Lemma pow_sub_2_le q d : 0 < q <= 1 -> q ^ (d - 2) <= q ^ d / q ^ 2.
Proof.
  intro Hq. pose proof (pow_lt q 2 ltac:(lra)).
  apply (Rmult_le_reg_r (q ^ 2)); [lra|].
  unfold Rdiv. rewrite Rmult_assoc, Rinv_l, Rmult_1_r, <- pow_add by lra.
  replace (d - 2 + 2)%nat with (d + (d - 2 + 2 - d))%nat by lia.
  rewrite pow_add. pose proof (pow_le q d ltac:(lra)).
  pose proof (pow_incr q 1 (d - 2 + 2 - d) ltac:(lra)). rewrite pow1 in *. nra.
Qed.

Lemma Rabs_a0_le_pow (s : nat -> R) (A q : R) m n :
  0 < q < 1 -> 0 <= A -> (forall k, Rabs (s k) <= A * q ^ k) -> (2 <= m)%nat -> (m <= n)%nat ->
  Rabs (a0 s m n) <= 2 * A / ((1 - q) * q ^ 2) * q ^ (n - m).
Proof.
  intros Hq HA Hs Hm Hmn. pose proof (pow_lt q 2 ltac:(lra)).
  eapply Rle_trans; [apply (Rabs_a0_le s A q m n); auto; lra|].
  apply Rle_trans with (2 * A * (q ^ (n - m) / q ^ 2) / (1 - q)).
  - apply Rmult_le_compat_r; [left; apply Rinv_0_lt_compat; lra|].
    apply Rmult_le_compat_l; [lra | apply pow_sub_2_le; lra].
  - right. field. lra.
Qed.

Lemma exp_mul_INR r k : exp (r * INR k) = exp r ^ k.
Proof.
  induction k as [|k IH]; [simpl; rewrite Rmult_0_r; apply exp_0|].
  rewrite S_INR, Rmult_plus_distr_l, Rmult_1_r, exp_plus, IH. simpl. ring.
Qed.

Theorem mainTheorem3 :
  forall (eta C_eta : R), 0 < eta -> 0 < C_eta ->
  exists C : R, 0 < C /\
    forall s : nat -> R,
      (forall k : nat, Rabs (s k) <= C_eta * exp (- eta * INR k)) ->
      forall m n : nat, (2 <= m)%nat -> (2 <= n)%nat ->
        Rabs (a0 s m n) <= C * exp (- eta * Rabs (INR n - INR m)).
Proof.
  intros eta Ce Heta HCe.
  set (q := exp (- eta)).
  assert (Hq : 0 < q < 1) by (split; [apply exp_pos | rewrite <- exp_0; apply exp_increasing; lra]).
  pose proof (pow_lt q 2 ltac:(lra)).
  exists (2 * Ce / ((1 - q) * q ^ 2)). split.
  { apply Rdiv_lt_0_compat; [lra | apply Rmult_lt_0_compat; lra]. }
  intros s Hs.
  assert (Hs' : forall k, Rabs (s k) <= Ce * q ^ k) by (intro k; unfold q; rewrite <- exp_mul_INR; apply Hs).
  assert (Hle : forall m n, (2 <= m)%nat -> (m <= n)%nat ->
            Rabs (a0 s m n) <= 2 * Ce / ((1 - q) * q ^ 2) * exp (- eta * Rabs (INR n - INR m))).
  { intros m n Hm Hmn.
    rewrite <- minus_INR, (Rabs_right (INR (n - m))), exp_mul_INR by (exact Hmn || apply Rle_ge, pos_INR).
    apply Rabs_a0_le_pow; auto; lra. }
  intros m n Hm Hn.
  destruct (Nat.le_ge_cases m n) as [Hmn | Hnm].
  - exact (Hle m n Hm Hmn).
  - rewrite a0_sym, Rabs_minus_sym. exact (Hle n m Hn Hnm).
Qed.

########################################

■ ASSIGNMENT:
I would like you to report every line in the listing above that contains "apply".

■ YOUR SOLUTION:
  apply (Rmult_le_reg_r (q ^ 2)); [lra|].
  eapply Rle_trans; [apply (Rabs_a0_le s A q m n); auto; lra|].
  apply Rle_trans with (2 * A * (q ^ (n - m) / q ^ 2) / (1 - q)).
  - apply Rmult_le_compat_r; [left; apply Rinv_0_lt_compat; lra|].
    apply Rmult_le_compat_l; [lra | apply pow_sub_2_le; lra].
  induction k as [|k IH]; [simpl; rewrite Rmult_0_r; apply exp_0|].
  assert (Hq : 0 < q < 1) by (split; [apply exp_pos | rewrite <- exp_0; apply exp_increasing; lra]).
  { apply Rdiv_lt_0_compat; [lra | apply Rmult_lt_0_compat; lra]. }
  assert (Hs' : forall k, Rabs (s k) <= Ce * q ^ k) by (intro k; unfold q; rewrite <- exp_mul_INR; apply Hs).
    rewrite <- minus_INR, (Rabs_right (INR (n - m))), exp_mul_INR by (exact Hmn || apply Rle_ge, pos_INR).
    apply Rabs_a0_le_pow; auto; lra. }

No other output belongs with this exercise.